One of them is slopestyle snowboarding. Some are concerned about how safe it is.

Wednesday the top American contender, Shaun White, pulled out of the event, saying the risk of injury was too great for him.

White will still be competing later in his top event: Halfpipe.

So the first drama of the Winter Olympics has already started before the flame has been lit.

It's hard not to get caught up in the buzz of Olympic excitement with the Games so close now. But what’s it like from a Russian perspective?

Yekaterina Kravtsova is with the Moscow Times and has been reporting on the Olympics.

She says the place is different since the last time she visited five years ago.

“The city has been changed,” she says. “I couldn’t recognize anything.”

She says Sochi’s classic character has morphed into a land of huge hotels and buildings. Such is the case when the Olympics come town.

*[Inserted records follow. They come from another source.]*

Lemma f_disjoint (s s' : {perm 'I_6}) : s \in C24_0 -> s' \in C24_0 -> s != s' ->
  [disjoint f s & f s'].
Proof.
case/C24P => t Ht /C24P[u Hu] neq; rewrite (f_rep Ht) (f_rep Hu).
have := fx_compatible (rep_valid Ht) (rep_valid Hu); case: eqP => // /codeP same.
by case/eqP: neq; apply/permP => i; rewrite (rep_fun Ht) (rep_fun Hu) same.
Qed.

Lemma f_cover : \bigcup_(s in C24_0) f s = C24_0 :|: C6.
Proof.
apply/eqP; rewrite eqEsubset; apply/andP; split.
  by apply/bigcupsP => s /C24P[t Ht]; rewrite (f_rep Ht) fx_sub // (rep_valid Ht).
apply/subsetP => tau; rewrite in_setU => /orP[C24tau | /C6P[p Vp tau_p]].
  by apply/bigcupP; exists tau; last exact: mem_f_self.
have /hasP[u Ru tau_u] := allP cycles_covered p (valid_reps Vp).
have Vu : valid_rep u by case/and5P: (allP reps_good u Ru).
apply/bigcupP; exists (fperm Vu ord0); first by apply/C24P; exists u; apply: rep_sigma.
rewrite (f_rep (rep_sigma Vu)); apply/fxP.
by rewrite (_ : code tau = code (cyc (ord0 :: p))) //; apply/codeP.
Qed.

(* C_24^0 is in bijection with the 30 distinct value lists of the sigmas. *)
Lemma card_C24 : #|C24_0| = 30.
Proof.
rewrite cardE -(size_map (fun s : {perm 'I_6} => code s)) -sigma_count.
apply/perm_size/uniq_perm; rewrite ?undup_uniq ?(map_inj_uniq code_inj) ?enum_uniq //.
move=> c; rewrite mem_undup; apply/mapP/mapP => [[s] | [t Rt ->]].
  rewrite mem_enum => /C24P[t Ht] ->; exists t; first exact: valid_reps (rep_valid Ht).
  by apply/codeP; apply: rep_fun.
have Vt : valid_rep t by case/and5P: (allP reps_good t Rt).
exists (fperm Vt ord0); first by rewrite mem_enum; apply/C24P; exists t; apply: rep_sigma.
by apply/codeP => i; rewrite fpermE.
Qed.
(* Let $G(\mathcal{M})=(R,T;E;c)$ and $G(\mathcal{M}')=(R,T;E;c')$ be two robot-task graphs where $c$ and $c'$ are injective on $E$. Let $\textsc{Auction}(\mathcal{M})=(W=(w_k),a)$ and $\textsc{Auction}(\mathcal{M}')=(W'=(w'_k),a')$. Suppose there exists some edge $e\in E$ which does not appear in $W$ such that $c'(f)=c(f)$ for all $f\in E\setminus\{e\}$. Then $\textsc{Auction}(\mathcal{M})=\textsc{Auction}(\mathcal{M}')$ if and only if $c'(e)>\max_{k\in B_e}c(w_k)$.
   Context: $R$ (robots) and $T$ (tasks) are finite disjoint sets with $R\neq\emptyset$, $|R\sqcup T|\ge3$. The robot-task graph $(R,T;E;c)$ has vertex set $R\sqcup T$, edge set $E$ consisting of all 2-element subsets of $R\sqcup T$, and a non-negative edge cost $c:E\to\mathbb{R}_+$ (with $\mathbb{R}_+=[0,\infty)\cup\{\infty\}$); injective means distinct edges have distinct costs. $\textsc{Auction}$ on $(R,T;E;c)$: set $A=\emptyset$ and $a(r)=0$ for all $r\in R$. For $k=1,\dots,|T|$ (bid rounds): let $w_k=\{s,t\}$ be the edge with $s\in R\cup A$, $t\in T\setminus A$ minimising $c(\{s,t\})$; set $a(t)=k$ and $A\leftarrow A\cup\{t\}$. The output is the list $W=(w_1,\dots,w_{|T|})$ of winning edges and the assignment function $a:R\sqcup T\to\{0,\dots,|T|\}$. Two auction outputs are equal if they have the same list and the same assignment function. For an edge $e=\{x,y\}$, $B_e=\{k\in\mathbb{Z}:\min(a(x),a(y))<k\le\max(a(x),a(y))\}$ (computed from the output of $\textsc{Auction}(\mathcal{M})$); it is the set of bid rounds of $\textsc{Auction}(\mathcal{M})$ in which $e$ is considered. *)

From HB Require Import structures.
From mathcomp Require Import all_boot all_order all_algebra.
From mathcomp Require Import reals constructive_ereal.
Set Implicit Arguments. Unset Strict Implicit. Unset Printing Implicit Defensive.
Import Order.TTheory GRing.Theory Num.Theory.
Local Open Scope ereal_scope.

(* Vertex set R ⊔ T is a finite type V; [isR v] says v is a robot, the
   tasks are the vertices with [~~ isR v].  Edges are 2-element subsets
   of V, represented as [{set V}] of cardinality 2; a cost function is
   [c : {set V} -> \bar R] of which only the values on 2-sets matter. *)

Section Auction.
Variables (V : finType) (isR : pred V) (R : realType).
(* ---------- k-graphs ----------
   A countable small category (vertices = objects, paths = morphisms, with
   composition [kcomp] meaningful on composable pairs s mu = r nu) together
   with a degree functor kd into N^k having the unique factorization property. *)
Record kgraph (k : nat) := KGraph {
  kvert : Type;
  kpath : Type;
  kvert_countable : countable kvert;
  kpath_countable : countable kpath;
  kr : kpath -> kvert;
  ks : kpath -> kvert;
  kid : kvert -> kpath;
  kcomp : kpath -> kpath -> kpath;
  kd : kpath -> deg k;
  kr_id : forall v, kr (kid v) = v;
  ks_id : forall v, ks (kid v) = v;
  kid_l : forall mu, kcomp (kid (kr mu)) mu = mu;
  kid_r : forall mu, kcomp mu (kid (ks mu)) = mu;
  kr_comp : forall mu nu, ks mu = kr nu -> kr (kcomp mu nu) = kr mu;
  ks_comp : forall mu nu, ks mu = kr nu -> ks (kcomp mu nu) = ks nu;
  kcomp_assoc : forall mu nu la, ks mu = kr nu -> ks nu = kr la ->
      kcomp (kcomp mu nu) la = kcomp mu (kcomp nu la);
  kd_id : forall v, kd (kid v) = deg0;
  kd_comp : forall mu nu, ks mu = kr nu -> kd (kcomp mu nu) = degadd (kd mu) (kd nu);
  kfactor : forall mu (m n : deg k), kd mu = degadd m n ->
      exists al be, [/\ kd al = m, kd be = n, ks al = kr be, mu = kcomp al be &
        forall al' be', kd al' = m -> kd be' = n -> ks al' = kr be' ->
          mu = kcomp al' be' -> al' = al /\ be' = be]
}.

Arguments kr {k} _ _.
Arguments ks {k} _ _.
Arguments kid {k} _ _.
Arguments kcomp {k} _ _ _.
Arguments kd {k} _ _.

Definition row_finite {k} (L : kgraph k) : Prop :=
  forall (v : kvert L) (n : deg k), exists s : list (kpath L),
    forall mu, kr L mu = v -> kd L mu = n -> List.In mu s.

Definition source_free {k} (L : kgraph k) : Prop :=
  forall (v : kvert L) (n : deg k), exists mu, kr L mu = v /\ kd L mu = n.

(* ---------- Infinite paths ----------
   A degree-preserving functor x : Omega_k -> Lambda, represented by its
   values x p q on morphisms (p,q), p <= q (values for p not <= q are junk). *)
Definition ipath {k} (L : kgraph k) := deg k -> deg k -> kpath L.

Definition is_ipath {k} (L : kgraph k) (x : ipath L) : Prop :=
  [/\ forall p q, degle p q -> kd L (x p q) = degsub q p,
      forall p, x p p = kid L (kr L (x p p)) &
      forall p q m, degle p q -> degle q m ->
        ks L (x p q) = kr L (x q m) /\ x p m = kcomp L (x p q) (x q m)].

Definition ieq {k} (L : kgraph k) (x y : ipath L) : Prop :=
  forall p q, degle p q -> x p q = y p q.

Definition ishift {k} (L : kgraph k) (n : deg k) (x : ipath L) : ipath L :=
  fun p q => x (degadd p n) (degadd q n).

Definition iconcat {k} (L : kgraph k) (mu : kpath L) (x y : ipath L) : Prop :=
  [/\ is_ipath y, y deg0 (kd L mu) = mu & ieq (ishift (kd L mu) y) x].

Record ssaction (G : groupType) {k} (L : kgraph k) := SSAction {
  actP : G -> kpath L -> kpath L;
  actV : G -> kvert L -> kvert L;
  res : G -> kpath L -> G;
  actP1 : forall mu, actP 1 mu = mu;
  actPM : forall g h mu, actP (g * h) mu = actP g (actP h mu);
  actV1 : forall v, actV 1 v = v;
  actVM : forall g h v, actV (g * h) v = actV g (actV h v);
  actP_bij : forall g, bijective (actP g);
  actV_bij : forall g, bijective (actV g);
  actP_id : forall g v, actP g (kid L v) = kid L (actV g v);
  actP_d : forall g mu, kd L (actP g mu) = kd L mu;
  actP_r : forall g mu, kr L (actP g mu) = actV g (kr L mu);
  actP_s : forall g mu, ks L (actP g mu) = actV g (ks L mu);
  ss_comp : forall g mu nu, ks L mu = kr L nu ->
      actP g (kcomp L mu nu) = kcomp L (actP g mu) (actP (res g mu) nu);
  res_vert : forall g v, res g (kid L v) = g;
  res_comp : forall g mu nu, ks L mu = kr L nu ->
      res g (kcomp L mu nu) = res (res g mu) nu;
  res_one : forall mu, res 1 mu = 1;
  res_mul : forall g h mu, res (g * h) mu = res g (actP h mu) * res h mu
}.

Arguments actP {G k L} _ _ _.
Arguments actV {G k L} _ _ _.
Arguments res {G k L} _ _ _.

Section Defs.
Variables (G : groupType) (k : nat) (L : kgraph k) (A : ssaction G L).

Definition pseudo_free : Prop :=
  forall (g : G) (mu : kpath L), actP A g mu = mu -> res A g mu = 1 -> g = 1.

Definition iact (g : G) (x : ipath L) : ipath L :=
  fun p q => actP A (res A g (x deg0 p)) (x p q).

Definition G_aperiodic_path (x : ipath L) : Prop :=
  forall (g : G) (p q : deg k), (g <> 1 \/ p <> q) ->
    ~ ieq (ishift p x) (iact g (ishift q x)).

Definition G_aperiodic : Prop :=
  forall v : kvert L, exists x : ipath L,
    [/\ is_ipath x, x deg0 deg0 = kid L v & G_aperiodic_path x].

Definition cycline (mu : kpath L) (g : G) (nu : kpath L) : Prop :=
  ks L mu = actV A g (ks L nu) /\
  forall x : ipath L, is_ipath x -> x deg0 deg0 = kid L (ks L nu) ->
    exists y : ipath L, iconcat mu (iact g x) y /\ iconcat nu x y.

End Defs.

From HB Require Import structures.
From mathcomp Require Import all_boot zify.
From Stdlib Require Import ClassicalEpsilon Classical.

(* If [x] is G-aperiodic and [(mu, g, nu)] is cycline, the path
   [y = mu (g x) = nu x] gives [sigma^(d mu) x = g|_(x(0, d nu)) sigma^(d nu) x], so
   aperiodicity forces [d mu = d nu] and [g|_(x(0, d nu)) = 1]; then [mu = nu], and
   pseudo-freeness applied to [x(0, d nu)] gives [g = 1].
   Conversely, the candidate periods [(g, p, q)] form a countable set, and an
   aperiodic path at [v] is the limit of finite paths whose [n]-th stage rules
   out the [n]-th period.  A stage exists because, if every infinite path
   [rho z] through a long finite path [rho] satisfied
   [sigma^p (rho z) = g . sigma^q (rho z)], then the tails of [rho] after [p] and
   after [q] would form a cycline triple; triviality of that triple forces
   [p = q], and then pseudo-freeness forces [g = 1]. *)

Set Implicit Arguments.
Unset Strict Implicit.
Unset Printing Implicit Defensive.

Lemma degleP k (p q : deg k) : reflect (forall i, p i <= q i) (degle p q).
Proof. exact: forallP. Qed.

Ltac deg_lia :=
  let i := fresh "i" in
  repeat match goal with
  | H : is_true (degle _ _) |- _ => move/degleP: H => H
  | H : @eq (deg _) _ _ |- _ => move/ffunP: H => H
  end;
  first [apply/degleP | apply/ffunP] => i;
  repeat match goal with H : forall _, _ |- _ => move: (H i); clear H end;
  rewrite ?ffunE /=; lia.

Lemma degle_refl k (p : deg k) : degle p p.
Proof. by apply/degleP. Qed.

Lemma degle_trans k (p q r : deg k) : degle p q -> degle q r -> degle p r.
Proof. by move=> pq qr; deg_lia. Qed.

Lemma deg0_le k (p : deg k) : degle deg0 p.
Proof. by deg_lia. Qed.

Lemma degleD2r k (p q n : deg k) : degle p q -> degle (degadd p n) (degadd q n).
Proof. by move=> pq; deg_lia. Qed.

Lemma degadd0 k (p : deg k) : degadd deg0 p = p.
Proof. by deg_lia. Qed.

Lemma degaddC k (m n : deg k) : degadd m n = degadd n m.
Proof. by deg_lia. Qed.

Section Segments.
Variables (k : nat) (L : kgraph k).
Local Notation P := (kpath L).
Local Notation comp := (kcomp L).
Local Notation d := (kd L).

Definition is_dfactor (l : P) m (ab : P * P) :=
  [/\ d ab.1 = m, d ab.2 = degsub (d l) m, ks L ab.1 = kr L ab.2 & l = comp ab.1 ab.2].

Definition dfactor (l : P) m : P * P := epsilon (inhabits (l, l)) (is_dfactor l m).

Lemma dfactor_spec l m : degle m (d l) -> is_dfactor l m (dfactor l m).
Proof.
move=> ml; apply: epsilon_spec.
have E : d l = degadd m (degsub (d l) m) by deg_lia.
by have [al [be [? ? ? ? _]]] := kfactor E; exists (al, be).
Qed.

When you look at Sochi through the eyes of Western journalists you see images of unfinished hotel rooms and stray dogs.

But the locals have been watching the construction for years now. And when they look at the city today, they still see the same thing: a construction site.

Talking to Kravtsova you almost get the idea the Olympics are a bane rather than a blessing.

“I wouldn’t say that I feel much excitement in the air,” she says. “But I’d say that’s because the Games haven’t started yet.”

Kravtsova thinks the mood will change once the flame gets lit. And then, the residents will be able to be part of a worldwide celebration of sports.